Изменить стиль страницы

Одно было хорошо: лагерь Эттербери совсем близко от Индианаполиса, так что по выходным можно было ночевать в собственной постели и пользоваться нашей машиной. Но в один мой выходной умерла мама. А недель шесть спустя моя сестра Алиса произвела на свет первого в нашем семействе внука, было это примерно в ту пору, когда началась высадка на нормандском побережье (мальчишку - ему исполнилось четырнадцать - я потом усыновил, и двух его братьев тоже).

Так вот, послали, наконец, нашу задрипанную дивизию в Европу, и заняла она участок миль в семьдесят пять по фронту, когда немцы - ну и метель же разыгралась как раз в это время! - затеяли свое последнее за всю войну большое наступление. Немцы были в белых маскхалатах, а в нас стрелять легче легкого, потому что мы в шинелях цвета собачьего дерьма. Да и драться нам было почти нечем. Обещали нам сапоги для окопов, только мы их не дождались. А гранаты дали только зажигательные, других я не видел, - в общем, мы с 0'Хэйром представляли собой недурное топливо для костра. Ни одного танка американского или самолета я тоже не видел. Короче говоря, похожи мы были на эскадрон польских кавалеристов, которые в 1939 году с саблями наголо танки атаковали. Так что нас расколошматили. (Интересно, а кого бы не расколошматили?)

Много лет спустя Ирвин Шоу, написавший замечательный роман о войне "Молодые львы" (но так и не принятый в Американскую академию.

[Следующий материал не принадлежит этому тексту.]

(* Let $\Gamma$ be a group with finite symmetric generating set $S$ acting on a countably infinite set $X$, let $\mu$ be a $\Gamma$-invariant mean on $X$, and let $R$ be a subgraph of the Schreier graph $S_\Gamma$ all of whose connected components have at most $C$ vertices. Suppose that in every component of $R$ the number of edges divided by the number of vertices is at least $\alpha$. Then $\alpha\,\mu(V(R))\le\mu_E(R)$.
   Context: A mean on $X$ is a finitely additive $\mu:2^X\to[0,1]$ with $\mu(X)=1$; $\Gamma$-invariant means $\mu(\gamma A)=\mu(A)$ for all $\gamma,A$. The Schreier graph $S_\Gamma$ has vertex set $X$ and an edge $\{x,y\}$ when $x\neq y$ and $s(x)=y$ for some $s\in S$. For a subgraph $R$, $\deg_R(x)$ is the degree of $x$ in $R$ ($0$ for $x\notin V(R)$) and $\mu_E(R)=\frac12\sum_{k\ge0}k\,\mu(\{x:\deg_R(x)=k\})$. *)

From Stdlib Require Import Reals List Relations.
Open Scope R_scope.

Definition card_eq {T : Type} (P : T -> Prop) (n : nat) : Prop :=
  exists l : list T, NoDup l /\ length l = n /\ (forall x, In x l <-> P x).

Definition is_group {G : Type} (e : G) (mul : G -> G -> G) (inv : G -> G) : Prop :=
  (forall a b c, mul a (mul b c) = mul (mul a b) c) /\
  (forall a, mul e a = a /\ mul a e = a) /\
  (forall a, mul (inv a) a = e /\ mul a (inv a) = e).

Definition is_action {G X : Type} (e : G) (mul : G -> G -> G) (act : G -> X -> X) : Prop :=
  (forall x, act e x = x) /\ (forall g h x, act (mul g h) x = act g (act h x)).

Definition sym_gen_set {G : Type} (e : G) (mul : G -> G -> G) (inv : G -> G)
  (S : list G) : Prop :=
  (forall s, In s S -> In (inv s) S) /\
  (forall g, exists l : list G, (forall s, In s l -> In s S) /\ fold_right mul e l = g).

Definition countably_infinite (X : Type) : Prop :=
  exists f : nat -> X, (forall m n, f m = f n -> m = n) /\ (forall x, exists n, f n = x).

Definition is_mean {X : Type} (mu : (X -> Prop) -> R) : Prop :=
  (forall A, 0 <= mu A <= 1) /\
  mu (fun _ => True) = 1 /\
  (forall A B, (forall x, A x -> B x -> False) ->
     mu (fun x => A x \/ B x) = mu A + mu B).

Definition act_image {G X : Type} (act : G -> X -> X) (g : G) (A : X -> Prop) : X -> Prop :=
  fun y => exists x, A x /\ y = act g x.

Definition invariant_mean {G X : Type} (act : G -> X -> X) (mu : (X -> Prop) -> R) : Prop :=
  forall g A, mu (act_image act g A) = mu A.

Definition schreier_edge {G X : Type} (act : G -> X -> X) (S : list G) (x y : X) : Prop :=
  x <> y /\ exists s, In s S /\ act s x = y.

Definition schreier_subgraph {G X : Type} (act : G -> X -> X) (S : list G)
  (VR : X -> Prop) (ER : X -> X -> Prop) : Prop :=
  (forall x y, ER x y -> ER y x) /\
  (forall x y, ER x y -> VR x /\ VR y /\ schreier_edge act S x y).

(* deg_R(x) = k  (automatically 0 for x not in V(R)). *)
Definition deg_eq {X : Type} (ER : X -> X -> Prop) (x : X) (k : nat) : Prop :=
  card_eq (ER x) k.

Definition component {X : Type} (ER : X -> X -> Prop) (x : X) : X -> Prop :=
  fun y => clos_refl_trans X ER x y.

(* Ordered pairs (y,z) with y in the component of x and {y,z} an edge;
   their number is twice the number of edges of the component. *)
Definition component_darts {X : Type} (ER : X -> X -> Prop) (x : X) : X * X -> Prop :=
  fun p => component ER x (fst p) /\ ER (fst p) (snd p).

(* mu_E(R) = 1/2 sum_k k mu{x : deg_R x = k}; degrees are bounded by |S|,
   so the sum is truncated at k = length S (all later terms are mu(empty) = 0). *)
Definition mu_E {X : Type} (mu : (X -> Prop) -> R) (ER : X -> X -> Prop) (D : nat) : R :=
  / 2 * sum_f_R0 (fun k => INR k * mu (fun x => deg_eq ER x k)) D.

(* Proof by mass transport.  Let f(y) = deg_R(y)/2 - alpha on V(R) and f = 0 elsewhere;
   mu_E(R) - alpha mu(V(R)) is the mu-integral of f, a function with finitely many
   values, so it suffices to show that this integral is nonnegative.  A component of at
   most C vertices is swept out from any of its points x by the finite list W of words
   of length <= C in S; every y in the component of x is w_i x for a least index i.
   Sending the mass f(y) from y back to all points x of its component, split into equal
   shares, produces the function x |-> (1/|K_x|) sum_{y in K_x} f(y) =
   |E(K_x)|/|K_x| - alpha >= 0.  The transport moves the level pieces of a simple
   function by group elements, which invariance of mu turns into an equality of
   integrals, and positivity of the mean finishes the argument. *)

From Stdlib Require Import Reals List Relations Wf_nat Permutation Lra Lia
  Classical ClassicalEpsilon FunctionalExtensionality PropExtensionality.
Open Scope R_scope.

Definition ind (P : Prop) : R := if excluded_middle_informative P then 1 else 0.

Lemma ind_true (P : Prop) : P -> ind P = 1.
Proof. unfold ind; destruct excluded_middle_informative; tauto. Qed.

Lemma ind_false (P : Prop) : ~ P -> ind P = 0.
Proof. unfold ind; destruct excluded_middle_informative; tauto. Qed.

Lemma ind_iff (P Q : Prop) : (P <-> Q) -> ind P = ind Q.
Proof. intros H; unfold ind; do 2 destruct excluded_middle_informative; tauto. Qed.

Fixpoint sumR {T : Type} (l : list T) (f : T -> R) : R :=
  match l with nil => 0 | a :: l' => f a + sumR l' f end.

Lemma sumR_ext {T} (l : list T) f g :
  (forall a, In a l -> f a = g a) -> sumR l f = sumR l g.
Proof. induction l; simpl; intros H; auto. rewrite H, IHl; auto. Qed.

Lemma sumR_plus {T} (l : list T) f g :
  sumR l (fun a => f a + g a) = sumR l f + sumR l g.
Proof. induction l; simpl; lra. Qed.

Lemma sumR_scal {T} (l : list T) c f : sumR l (fun a => c * f a) = c * sumR l f.
Proof. induction l; simpl; lra. Qed.

Lemma sumR_const {T} (l : list T) c : sumR l (fun _ => c) = INR (length l) * c.
Proof. induction l; simpl length; rewrite ?S_INR; simpl; lra. Qed.

Lemma sumR_zero {T} (l : list T) f : (forall a, In a l -> f a = 0) -> sumR l f = 0.
Proof. intros H. rewrite (sumR_ext l f (fun _ => 0)) by auto. rewrite sumR_const; lra. Qed.

Lemma sumR_app {T} (l1 l2 : list T) f : sumR (l1 ++ l2) f = sumR l1 f + sumR l2 f.
Proof. induction l1; simpl; lra. Qed.

Lemma sumR_map {T U} (l : list T) (h : T -> U) f :
  sumR (map h l) f = sumR l (fun a => f (h a)).
Proof. induction l; simpl; congruence. Qed.

Lemma sumR_flat_map {T U} (l : list T) (h : T -> list U) f :
  sumR (flat_map h l) f = sumR l (fun a => sumR (h a) f).
Proof. induction l; simpl; auto. rewrite sumR_app; congruence. Qed.

Lemma sumR_perm {T} (l l' : list T) f : Permutation l l' -> sumR l f = sumR l' f.
Proof. induction 1; simpl; lra. Qed.

Lemma sum_f_R0_sumR (f : nat -> R) D : sum_f_R0 f D = sumR (seq 0 (S D)) f.
Proof.
  induction D; [simpl; lra|].
  rewrite seq_S, sumR_app; simpl. rewrite IHD; simpl; lra.
Qed.

Lemma sumR_filter {T} (l : list T) (Q : T -> Prop) f :
  sumR l (fun a => ind (Q a) * f a) =
  sumR (filter (fun a => if excluded_middle_informative (Q a) then true else false) l) f.
Proof.
  induction l; simpl; auto.
  unfold ind at 1; destruct excluded_middle_informative; simpl; rewrite IHl; lra.
Qed.
Lemma powR_chord (a S b : R) : 0 < a -> a <= S -> S <= b ->
  (b - S) * a `^ r + (S - a) * b `^ r <= (b - a) * S `^ r.
Proof.
move=> a_gt0 aS Sb.
have S_gt0 : 0 < S by lra.
have ta := @powR_le_tangent S a S_gt0 a_gt0.
have tb := @powR_le_tangent S b S_gt0 (lt_le_trans S_gt0 Sb).
set k := r * S `^ r / S in ta tb.
have ka : (b - S) * a `^ r <= (b - S) * (S `^ r + k * (a - S)).
  by rewrite ler_wpM2l ?subr_ge0.
have kb : (S - a) * b `^ r <= (S - a) * (S `^ r + k * (b - S)).
  by rewrite ler_wpM2l ?subr_ge0.
have -> : (b - a) * S `^ r =
    (b - S) * (S `^ r + k * (a - S)) + (S - a) * (S `^ r + k * (b - S)) by ring.
exact: lerD.
Qed.

Definition powR_ratio (V S : R) := S `^ r / (S + V).

Lemma powR_ratio_ge_min (V S B : R) : 0 <= V -> 1 <= S -> S <= B ->
  Num.min (powR_ratio V 1) (powR_ratio V B) <= powR_ratio V S.
Proof.
move=> V_ge0 S_ge1 SB.
have [B1|B_neq1] := eqVneq B 1.
  have -> : S = 1 by lra.
  by rewrite ge_min lexx.
have B_gt1 : 1 < B by rewrite lt_neqAle eq_sym B_neq1 (le_trans S_ge1 SB).
set m := Num.min _ _.
(* m (X + V) <= X^r holds at X = 1 and X = B, hence in between by concavity. *)
have ratioP X : 1 <= X -> (m * (X + V) <= X `^ r) = (m <= powR_ratio V X).
  by move=> X_ge1; rewrite /powR_ratio ler_pdivlMr //; lra.
have m1 : m * (1 + V) <= 1 `^ r by rewrite ratioP // ge_min lexx.
have mB : m * (B + V) <= B `^ r by rewrite ratioP ?ge_min ?lexx ?orbT //; lra.
rewrite -ratioP // -(@ler_pM2l _ (B - 1)) ?subr_gt0 //.
apply: (le_trans _ (@powR_chord 1 S B ltr01 S_ge1 SB)).
have -> : (B - 1) * (m * (S + V)) = (B - S) * (m * (1 + V)) + (S - 1) * (m * (B + V)).
  by ring.
by apply: lerD; rewrite ler_wpM2l ?subr_ge0.
Qed.

End powR_concave.

Section real_analysis.
Context {R : realType}.
Notation mu := (@lebesgue_measure R).

Lemma continuous_powR_pos (f : R -> R) (p : R) :
  continuous f -> (forall y, 0 < f y) -> continuous (fun y => f y `^ p).
Proof.
move=> f_cont f_gt0 y.
apply: (@continuous_comp _ _ _ f (fun z => z `^ p)); first exact: f_cont.
apply: differentiable_continuous; apply/derivable1_diffP.
by apply: derivable_powR; rewrite in_itv /= andbT.
Qed.

Lemma continuous_cauchy : continuous (fun u : R => (1 + u ^+ 2)^-1).
Proof.
move=> y; apply: cvgV; first by rewrite gt_eqF // ltr_pwDl ?sqr_ge0.
by apply: cvgD; [exact: cvg_cst | exact: exprn_continuous].
Qed.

Институт искусств и литературы), со всей прямотой сообщил мне, что про мою дивизию ему неизвестно абсолютно ничего. Хотя про все остальные он хоть что- нибудь да слышал. Зато в Индианаполисе с нашей частью носились, еще бы: мы были там как родные, ведь наш лагерь находился совсем рядом. На нас там как на героев взирали.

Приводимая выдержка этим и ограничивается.